Exercise requirements: Examine the entries and show every line in which the word "last" is found.

◇ ◇ ◇ ◇ ◇ ◇ ◇

Lemma locally_finite_edges p : gvalid p ->
  exists r F, [/\ 0 < r, finite_set F & near_edges_in p r F].
Proof.
case: p => [v|e0 t] vp.
  have [r r0 far] := gdist_vertex_nonincident v.
  exists r, [set e | src e = v \/ tgt e = v]; split => // [|e x ex lt_r].
    exact: mg_locfin.
  by apply: contrapT => /(far _ _ ex); rewrite leNgt lt_r.
have /andP[t0 tl] := vp.
exists (Num.min t (len e0 - t)), [set e0].
split; [by rewrite lt_min t0 subr_gt0|exact: finite_set1|move=> e x ex lt_r].
by apply: contrapT => /(gdist_edge_point_other_edge vp ex); rewrite leNgt lt_r.
Qed.

Local Notation copen := (copen G).
Local Notation cboundary := (cboundary G).

Definition cball (p : pt) (r : R) : set (nat -> pt) :=
  [set w | cdist (fun _ => p) w < r].

Definition boundary_nbhd (eps : R) : set (nat -> pt) :=
  [set w | exists2 u, cboundary u & cdist u w < eps].

Lemma copen_cball {p} r : gvalid p -> copen (cball p r).
Proof.
move=> vp u cu pu; exists (r - cdist (fun _ => p) u); first by rewrite subr_gt0.
move=> w cw uw; have := cdist_triangle (gcauchy_cst vp) cu cw.
by rewrite /cball /=; lra.
Qed.

Lemma copen_boundary_nbhd eps : copen (boundary_nbhd eps).
Proof.
move=> u cu [b bb bu]; exists (eps - cdist b u); first by rewrite subr_gt0.
by move=> w cw uw; exists b => //; have := cdist_triangle bb.1 cu cw; lra.
Qed.

Lemma not_cboundary_int {w} : gcauchy w -> ~ cboundary w ->
  exists p, gint G p /\ cdist w (fun _ => p) = 0.
Proof. by move=> cw wNb; apply: contrapT => wNint; apply: wNb. Qed.

Lemma completion_compact_ball_cover (r : pt -> R) eps :
  completion_compact G -> 0 < eps -> (forall p, gvalid p -> 0 < r p) ->
  exists P : set pt, [/\ finite_set P, P `<=` gvalid &
    forall x, gvalid x -> dist_bnd_ge G x eps -> exists2 p, P p & gdist p x < r p].
Proof.
move=> cc eps0 r_gt0.
pose O (i : option pt) :=
  if i is Some p then [set w | gvalid p /\ cball p (r p) w] else boundary_nbhd eps.
have O_open i : copen (O i).
  case: i => [p|]; last exact: copen_boundary_nbhd.
  move=> u cu [vp pu]; have [s s0 sub] := copen_cball (r p) vp _ cu pu.
  by exists s => // w cw /(sub _ cw).
have O_cover w : gcauchy w -> exists i, O i w.
  move=> cw; have [wb|/(not_cboundary_int cw)[p [ip wp]]] := pselect (cboundary w).
    by exists None; exists w; rewrite ?cdistxx.
  exists (Some p); split; first exact: ip.1.
  by rewrite /cball /= cdistC wp; apply: r_gt0 ip.1.
have [J [finJ J_cover]] := cc _ O O_open O_cover.
exists (Some @^-1` J `&` gvalid); split; last 1 first.
- move=> x vx far; have [[p|] [Ji Ox]] := J_cover _ (gcauchy_cst vx).
    by case: Ox => vp; rewrite /cball /= cdist_cst; exists p.
  by case: Ox => u bu ux; have := far u bu; rewrite cdistC; lra.
- by apply/finite_setIl/finite_preimage => // ? ? _ _ [].
- exact: subIsetr.
Qed.

End MetricGraph.

Theorem lemma2p3 (R : realType) (G : metric_graph R) :
  completion_compact G ->
  forall eps : R, 0 < eps ->
    finite_set (eps_edges G eps) /\ finite_set (eps_vertices G eps).
Proof.
move=> cc eps eps0.
have /choice[rF rF_spec] p : exists rF : R * set (mg_E G), gvalid G p ->
    [/\ 0 < rF.1, finite_set rF.2 & near_edges_in p rF.1 rF.2].
  have [/locally_finite_edges[r [F rF]]|nvp] := pselect (gvalid G p).
    by exists (r, F).
  by exists (1, set0) => /nvp.
have rF_gt0 p : gvalid G p -> 0 < (rF p).1 by case/rF_spec.
have [P [finP P_valid P_cover]] :=
  completion_compact_ball_cover (fun p => (rF p).1) _ cc eps0 rF_gt0.
have fin_edges : finite_set (eps_edges G eps).
  apply: (sub_finite_set (B := \bigcup_(p in P) (rF p).2)).
    move=> e [x [ex far]].
    have [p Pp px] := P_cover x (on_closed_edge_valid ex) far.
    have [_ _ near_p] := rF_spec p (P_valid p Pp).
    by exists p => //; exact: near_p ex px.
  by apply: bigcup_finite => // p /P_valid /rF_spec[].
split => //; apply: (sub_finite_set
  (B := @mg_src _ G @` eps_edges G eps `|` @mg_tgt _ G @` eps_edges G eps)).
  by move=> v [e [ee [<-|<-]]]; [left|right]; exists e.
by rewrite finite_setU; split; apply: finite_image.
Qed.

◇ ◇ ◇ ◇ ◇ ◇ ◇

Answer to this exercise:
  case: i => [p|]; last exact: copen_boundary_nbhd.
exists (Some @^-1` J `&` gvalid); split; last 1 first.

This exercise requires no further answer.